→ YOUR TASK
Nothing outside the range is wanted. Repeat exactly the lines below from the one with "And : form -> form -> form" through the one with "Definition is_boxed (f".

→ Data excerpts
(* For every instance of a rule of $\mathsf{G4iSLt}$ with conclusion $S_0$ and premises $S_1,\dots,S_n$, we have $\Theta(S_i)\prec\Theta(S_0)$ for every $1\le i\le n$, where $\prec$ is the shortlex order.
   Context: Formulas are built by the grammar $\varphi ::= p \mid \bot \mid \varphi\land\varphi \mid \varphi\lor\varphi \mid \varphi\to\varphi \mid \Box\varphi$, with $p$ ranging over a countably infinite set of propositional variables. For a multiset $\Gamma$, $\Box\Gamma=\{\Box\psi:\psi\in\Gamma\}$; a boxed formula is one of the form $\Box\psi$. Weight: $w(\bot)=w(p)=1$; $w(\psi\lor\chi)=w(\psi\to\chi)=w(\psi)+w(\chi)+1$; $w(\psi\land\chi)=w(\psi)+w(\chi)+2$; $w(\Box\psi)=w(\psi)+1$. For a finite multiset $\Delta$ of formulas whose maximal weight is $n$, let $L(\Delta)$ be the list $[c_n,c_{n-1},\dots,c_1]$ of natural numbers of length $n$ where $c_m$ is the number of occurrences in $\Delta$ of formulas of weight $m$ (so the leftmost entry counts formulas of maximal weight; $L$ of the empty multiset is the empty list). For a sequent $\Gamma\Rightarrow\chi$, write $\Gamma=\Gamma_0,\Box\Gamma_1$ where $\Gamma_0$ contains no boxed formula, and set $\Theta(\Gamma\Rightarrow\chi)=L(\Gamma_0\uplus\Gamma_1\uplus\{\chi\})$ (the antecedent's outermost boxes are removed). The shortlex order on lists of natural numbers: $l_0\prec l_1$ iff either $\mathrm{length}(l_0)<\mathrm{length}(l_1)$, or the lengths are equal and $l_0$ is lexicographically smaller than $l_1$ (i.e. at the first position $j$ where they differ, the entry of $l_0$ is smaller). A sequent is $\Gamma\Rightarrow\chi$ with $\Gamma$ a finite multiset of formulas and $\chi$ a formula. The sequent calculus $\mathsf{G4iSLt}$ has the following rules, where $p$ is a propositional variable and $\Phi$ always denotes a multiset containing no boxed formula: (⊥L) $\bot,\Gamma\Rightarrow\chi$ (no premise); (IdP) $\Gamma,p\Rightarrow p$ (no premise); (∧L) from $\Gamma,\varphi,\psi\Rightarrow\chi$ infer $\Gamma,\varphi\land\psi\Rightarrow\chi$; (∧R) from $\Gamma\Rightarrow\varphi$ and $\Gamma\Rightarrow\psi$ infer $\Gamma\Rightarrow\varphi\land\psi$; (∨L) from $\Gamma,\varphi\Rightarrow\chi$ and $\Gamma,\psi\Rightarrow\chi$ infer $\Gamma,\varphi\lor\psi\Rightarrow\chi$; (∨R$_i$), $i\in\{1,2\}$: from $\Gamma\Rightarrow\varphi_i$ infer $\Gamma\Rightarrow\varphi_1\lor\varphi_2$; (p→L) from $\Gamma,p,\varphi\Rightarrow\chi$ infer $\Gamma,p,p\to\varphi\Rightarrow\chi$; (→R) from $\Gamma,\varphi\Rightarrow\psi$ infer $\Gamma\Rightarrow\varphi\to\psi$; (□→L) from $\Phi,\Gamma,\psi,\Box\varphi\Rightarrow\varphi$ and $\Phi,\Box\Gamma,\psi\Rightarrow\chi$ infer $\Phi,\Box\Gamma,\Box\varphi\to\psi\Rightarrow\chi$; (SLtR) from $\Phi,\Gamma,\Box\varphi\Rightarrow\varphi$ infer $\Phi,\Box\Gamma\Rightarrow\Box\varphi$; (∧→L) from $\Gamma,\varphi\to(\psi\to\chi)\Rightarrow\delta$ infer $\Gamma,(\varphi\land\psi)\to\chi\Rightarrow\delta$; (∨→L) from $\Gamma,\varphi\to\chi,\psi\to\chi\Rightarrow\delta$ infer $\Gamma,(\varphi\lor\psi)\to\chi\Rightarrow\delta$; (→→L) from $\Gamma,\psi\to\chi\Rightarrow\varphi\to\psi$ and $\Gamma,\chi\Rightarrow\delta$ infer $\Gamma,(\varphi\to\psi)\to\chi\Rightarrow\delta$. *)

From Stdlib Require Import List Arith Permutation.
Import ListNotations.

Inductive form : Type :=
| Var : nat -> form
| Bot : form
| And : form -> form -> form
| Or : form -> form -> form
| Imp : form -> form -> form
| Box : form -> form.

Fixpoint weight (f : form) : nat :=
  match f with
  | Var _ | Bot => 1
  | Or a b | Imp a b => weight a + weight b + 1
  | And a b => weight a + weight b + 2
  | Box a => weight a + 1
  end.

Definition is_boxed (f : form) : bool :=
  match f with Box _ => true | _ => false end.

(* multisets are represented by lists; all notions below are invariant
   under permutation, and rule instances are closed under permutation. *)
Definition no_boxed (Phi : list form) : Prop :=
  forall f, In f Phi -> is_boxed f = false.

Definition max_weight (D : list form) : nat :=
  fold_right (fun f m => Nat.max (weight f) m) 0 D.

Definition count_weight (m : nat) (D : list form) : nat :=
  length (filter (fun f => Nat.eqb (weight f) m) D).

Definition L (D : list form) : list nat :=
  map (fun m => count_weight m D) (rev (seq 1 (max_weight D))).

Definition sequent : Type := (list form * form)%type.

(* Gamma = Gamma0, Box Gamma1 with Gamma0 box-free *)
Definition Gamma0 (G : list form) : list form :=
  filter (fun f => negb (is_boxed f)) G.
Definition Gamma1 (G : list form) : list form :=
  flat_map (fun f => match f with Box a => [a] | _ => [] end) G.

Definition Theta (s : sequent) : list nat :=
  L (Gamma0 (fst s) ++ Gamma1 (fst s) ++ [snd s]).

Fixpoint lex_lt (l0 l1 : list nat) : Prop :=
  match l0, l1 with
  | x :: r0, y :: r1 => x < y \/ (x = y /\ lex_lt r0 r1)
  | _, _ => False
  end.

Definition shortlex_lt (l0 l1 : list nat) : Prop :=
  length l0 < length l1 \/ (length l0 = length l1 /\ lex_lt l0 l1).

Inductive rule_inst : list sequent -> sequent -> Prop :=
| R_BotL G c : rule_inst [] (Bot :: G, c)
| R_IdP G p : rule_inst [] (G ++ [Var p], Var p)
| R_AndL G a b c : rule_inst [(G ++ [a; b], c)] (G ++ [And a b], c)
| R_AndR G a b : rule_inst [(G, a); (G, b)] (G, And a b)
| R_OrL G a b c : rule_inst [(G ++ [a], c); (G ++ [b], c)] (G ++ [Or a b], c)
| R_OrR1 G a b : rule_inst [(G, a)] (G, Or a b)
| R_OrR2 G a b : rule_inst [(G, b)] (G, Or a b)
| R_pImpL G p a c :
    rule_inst [(G ++ [Var p; a], c)] (G ++ [Var p; Imp (Var p) a], c)
| R_ImpR G a b : rule_inst [(G ++ [a], b)] (G, Imp a b)
| R_BoxImpL Phi G a b c : no_boxed Phi ->
    rule_inst [(Phi ++ G ++ [b; Box a], a); (Phi ++ map Box G ++ [b], c)]
              (Phi ++ map Box G ++ [Imp (Box a) b], c)
| R_SLtR Phi G a : no_boxed Phi ->
    rule_inst [(Phi ++ G ++ [Box a], a)] (Phi ++ map Box G, Box a)
| R_AndImpL G a b c d :
    rule_inst [(G ++ [Imp a (Imp b c)], d)] (G ++ [Imp (And a b) c], d)
| R_OrImpL G a b c d :
    rule_inst [(G ++ [Imp a c; Imp b c], d)] (G ++ [Imp (Or a b) c], d)
| R_ImpImpL G a b c d :
    rule_inst [(G ++ [Imp b c], Imp a b); (G ++ [c], d)]
              (G ++ [Imp (Imp a b) c], d).

Definition seq_equiv (s t : sequent) : Prop :=
  Permutation (fst s) (fst t) /\ snd s = snd t.

Definition G4iSLt_rule (ps : list sequent) (c : sequent) : Prop :=
  exists ps' c', rule_inst ps' c' /\ Forall2 seq_equiv ps ps' /\ seq_equiv c c'.

From Stdlib Require Import List Arith Lia Permutation.
Import ListNotations.

(* It is more convenient to work
   with the "upper counts" [upcount weight m D], the number of formulas of
   weight at least [m]: if the upper counts of [D1] are bounded by those of
   [D0] at every level [m >= k], and strictly at level [k >= 1], then
   [L D1] precedes [L D0] in the shortlex order ([shortlex_of_upcount]).

   For a sequent, the upper counts of its Theta-multiset are computed
   directly from the sequent by letting a boxed antecedent formula [Box a]
   count with the weight of [a] ([theta_upcount]).  In every rule instance
   the premises are obtained from the conclusion by replacing the principal
   formula, of weight [k], by strictly lighter formulas, dropping formulas,
   or unboxing antecedent formulas (which never increases their Theta
   weight).  Hence the upper counts of each premise are bounded by those of
   the conclusion at every level [m >= k], and strictly at level [k]
   ([rule_descent]); we call this [descends_at k].  Descent is invariant
   under permuting antecedents, which gives the theorem for rules taken up
   to multiset equality ([theta_lt_of_descends], [descends_at_equiv]). *)

Definition upcount (w : form -> nat) (m : nat) (D : list form) : nat :=
  length (filter (fun f => m <=? w f) D).

Lemma upcount_app w m A B : upcount w m (A ++ B) = upcount w m A + upcount w m B.
Proof. unfold upcount. now rewrite filter_app, length_app. Qed.

Lemma upcount_nil w m : upcount w m [] = 0.
Proof. reflexivity. Qed.

Lemma upcount_cons w m f D :
  upcount w m (f :: D) = (if m <=? w f then 1 else 0) + upcount w m D.
Proof. unfold upcount; cbn. now destruct (m <=? w f). Qed.

Lemma upcount_perm w m A B : Permutation A B -> upcount w m A = upcount w m B.
Proof.
  unfold upcount; induction 1; cbn [filter]; try lia.
  - destruct (m <=? w x); cbn [length]; lia.
  - destruct (m <=? w x), (m <=? w y); reflexivity.
Qed.

Lemma upcount_step m D : upcount weight m D = count_weight m D + upcount weight (S m) D.
Proof.
  unfold upcount, count_weight; induction D as [|f D IH]; cbn [filter length]; auto.
  destruct (Nat.leb_spec m (weight f)), (Nat.eqb_spec (weight f) m),
    (Nat.leb_spec (S m) (weight f)); cbn [length]; lia.
Qed.

Lemma upcount_pos_iff m D :
  1 <= m -> (0 < upcount weight m D <-> m <= max_weight D).
Proof.
  intros Hm; unfold upcount; induction D as [|f D IH]; cbn [filter]; [cbn; lia|].
  change (max_weight (f :: D)) with (Nat.max (weight f) (max_weight D)).
  destruct (Nat.leb_spec m (weight f)); cbn [length]; [split; lia|].
  rewrite IH; lia.
Qed.

Lemma upcount_above_max m D : max_weight D < m -> upcount weight m D = 0.
Proof.
  intros H. destruct (Nat.eq_dec (upcount weight m D) 0) as [|Hnz]; auto.
  assert (0 < upcount weight m D) as Hpos by lia.
  apply upcount_pos_iff in Hpos; lia.
Qed.

Section UpcountOrder.

Variables (D1 D0 : list form) (k : nat).
Hypothesis k_pos : 1 <= k.
Hypothesis upcount_le : forall m, k <= m -> upcount weight m D1 <= upcount weight m D0.
Hypothesis upcount_lt : upcount weight k D1 < upcount weight k D0.

Lemma lex_of_upcount j : k <= j ->
  upcount weight (S j) D1 = upcount weight (S j) D0 ->
  lex_lt (map (fun m => count_weight m D1) (rev (seq 1 j)))
         (map (fun m => count_weight m D0) (rev (seq 1 j))).
Proof.
  induction j as [|j IH]; intros Hj Heq; [lia|].
  rewrite seq_S, rev_app_distr; cbn.
  pose proof (upcount_step (S j) D1); pose proof (upcount_step (S j) D0).
  pose proof (upcount_le (S j) Hj).
  destruct (Nat.lt_ge_cases (upcount weight (S j) D1) (upcount weight (S j) D0)).
  - left; lia.
  - right; split; [lia|].
    apply IH; [destruct (Nat.eq_dec k (S j)); subst; lia | lia].
Qed.

Lemma max_weight_le_of_upcount : max_weight D1 <= max_weight D0.
Proof.
  destruct (Nat.le_gt_cases (max_weight D1) (max_weight D0)) as [|Hgt]; auto.
  pose proof (upcount_above_max _ D0 Hgt) as H0.
  assert (0 < upcount weight (max_weight D1) D1) by (apply upcount_pos_iff; lia).
  destruct (Nat.le_gt_cases k (max_weight D1)) as [Hk|Hk].
  - pose proof (upcount_le _ Hk); lia.
  - pose proof (upcount_above_max k D0); lia.
Qed.

(* The order criterion: equal lengths force the lexicographic comparison,
   started at the top level where both upper counts vanish. *)
Lemma shortlex_of_upcount : shortlex_lt (L D1) (L D0).
Proof.
  unfold shortlex_lt, L; rewrite !length_map, !length_rev, !length_seq.
  assert (k <= max_weight D0).
  { apply upcount_pos_iff; lia. }
  pose proof max_weight_le_of_upcount.
  destruct (Nat.eq_dec (max_weight D1) (max_weight D0)) as [E|]; [|left; lia].
  right; split; [exact E|]; rewrite E.
  apply lex_of_upcount; auto.
  rewrite !upcount_above_max; lia.
Qed.

End UpcountOrder.

(* The weight a formula contributes to Theta when it occurs in an
   antecedent: outermost boxes are removed. *)
Definition theta_weight (f : form) : nat :=
  match f with Box a => weight a | _ => weight f end.

Lemma theta_weight_le_box f : theta_weight f <= theta_weight (Box f).
Proof. destruct f; cbn; lia. Qed.

Lemma theta_weight_le f : theta_weight f <= weight f.
Proof. destruct f; cbn; lia. Qed.

Definition seq_upcount (m : nat) (s : sequent) : nat :=
  upcount theta_weight m (fst s) + upcount weight m [snd s].

Lemma theta_upcount m s :
  upcount weight m (Gamma0 (fst s) ++ Gamma1 (fst s) ++ [snd s]) = seq_upcount m s.
Proof.
  unfold seq_upcount; rewrite !upcount_app, Nat.add_assoc; f_equal.
  induction (fst s) as [|f G IH]; [reflexivity|].
  unfold Gamma0, Gamma1, upcount in *; destruct f; cbn in *;
    destruct (m <=? _); cbn [length]; lia.
Qed.

Lemma seq_upcount_equiv m s t : seq_equiv s t -> seq_upcount m s = seq_upcount m t.
Proof.
  intros [Hp He]; unfold seq_upcount; now rewrite He, (upcount_perm _ m _ _ Hp).
Qed.

Lemma upcount_unbox m G : upcount theta_weight m G <= upcount theta_weight m (map Box G).
Proof.
  unfold upcount; induction G as [|f G IH]; cbn [map filter]; auto.
  pose proof (theta_weight_le_box f).
  destruct (Nat.leb_spec m (theta_weight f)), (Nat.leb_spec m (theta_weight (Box f)));
    cbn [length]; lia.
Qed.

Definition descends_at (k : nat) (s c : sequent) : Prop :=
  1 <= k /\ (forall m, k <= m -> seq_upcount m s <= seq_upcount m c) /\
  seq_upcount k s < seq_upcount k c.

(* Choose the principal weight as level; the remaining goal is arithmetic on
   the counts of the context and single-formula indicators, where every
   non-principal formula that changed is strictly lighter. *)
Ltac descend k :=
  exists k; unfold descends_at, seq_upcount; cbn [fst snd];
  split; [cbn; lia|];
  split; [intros ?m ?Hm|]; rewrite ?upcount_app;
  repeat match goal with |- context [upcount theta_weight ?m (map Box ?G)] =>
    generalize (upcount_unbox m G); generalize (upcount theta_weight m (map Box G));
    intros end;
  rewrite ?upcount_cons, ?upcount_nil; cbn [theta_weight weight] in *;
  repeat match goal with |- context [theta_weight ?f] =>
    generalize (theta_weight_le f); generalize (theta_weight f); intros end;
  repeat match goal with |- context [?a <=? ?b] => destruct (Nat.leb_spec a b) end;
  lia.

(* Every premise of a rule instance descends at the weight of the
   principal formula. *)
Lemma rule_descent ps c : rule_inst ps c -> forall s, In s ps -> exists k, descends_at k s c.
Proof.
  intros H; destruct H; intros s Hs; cbn in Hs;
  repeat destruct Hs as [Hs|Hs]; try contradiction; subst s;
  first [ descend (weight (And a b)) | descend (weight (Or a b))
        | descend (weight (Imp (Var p) a)) | descend (weight (Imp (Box a) b))
        | descend (weight (Imp a b)) | descend (weight (Box a))
        | descend (weight (Imp (And a b) c)) | descend (weight (Imp (Or a b) c))
        | descend (weight (Imp (Imp a b) c)) ].
Qed.

Lemma theta_lt_of_descends k s c : descends_at k s c -> shortlex_lt (Theta s) (Theta c).
Proof.
  intros [Hk [Hle Hlt]]; unfold Theta; apply (shortlex_of_upcount _ _ k Hk).
  - intros m Hm; rewrite !theta_upcount; auto.
  - now rewrite !theta_upcount.
Qed.

Lemma descends_at_equiv k s s' c c' :
  seq_equiv s s' -> seq_equiv c c' -> descends_at k s' c' -> descends_at k s c.
Proof.
  intros Hs Hc [Hk [Hle Hlt]]; split; [exact Hk|].
  rewrite (seq_upcount_equiv k _ _ Hs), (seq_upcount_equiv k _ _ Hc).
  split; [|exact Hlt].
  intros m Hm; rewrite (seq_upcount_equiv m _ _ Hs), (seq_upcount_equiv m _ _ Hc); auto.
Qed.

Lemma Forall2_In_l {A B} (R : A -> B -> Prop) l1 l2 x :
  Forall2 R l1 l2 -> In x l1 -> exists y, In y l2 /\ R x y.
Proof.
  induction 1; cbn; [tauto|]. intros [<-|Hi]; [eauto|].
  destruct (IHForall2 Hi) as [z [? ?]]; eauto.
Qed.

Theorem lemma3 : forall (ps : list sequent) (c : sequent),
  G4iSLt_rule ps c -> forall s, In s ps -> shortlex_lt (Theta s) (Theta c).
Proof.
  intros ps c [ps' [c' [Hrule [Hps Hc]]]] s Hs.
  destruct (Forall2_In_l _ _ _ _ Hps Hs) as [s' [Hs' Hss']].
  destruct (rule_descent _ _ Hrule s' Hs') as [k Hdesc].
  exact (theta_lt_of_descends k s c (descends_at_equiv _ _ _ _ _ Hss' Hc Hdesc)).
Qed.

→ WRITTEN ANSWER
| And : form -> form -> form
| Or : form -> form -> form
| Imp : form -> form -> form
| Box : form -> form.

Fixpoint weight (f : form) : nat :=
  match f with
  | Var _ | Bot => 1
  | Or a b | Imp a b => weight a + weight b + 1
  | And a b => weight a + weight b + 2
  | Box a => weight a + 1
  end.

Definition is_boxed (f : form) : bool :=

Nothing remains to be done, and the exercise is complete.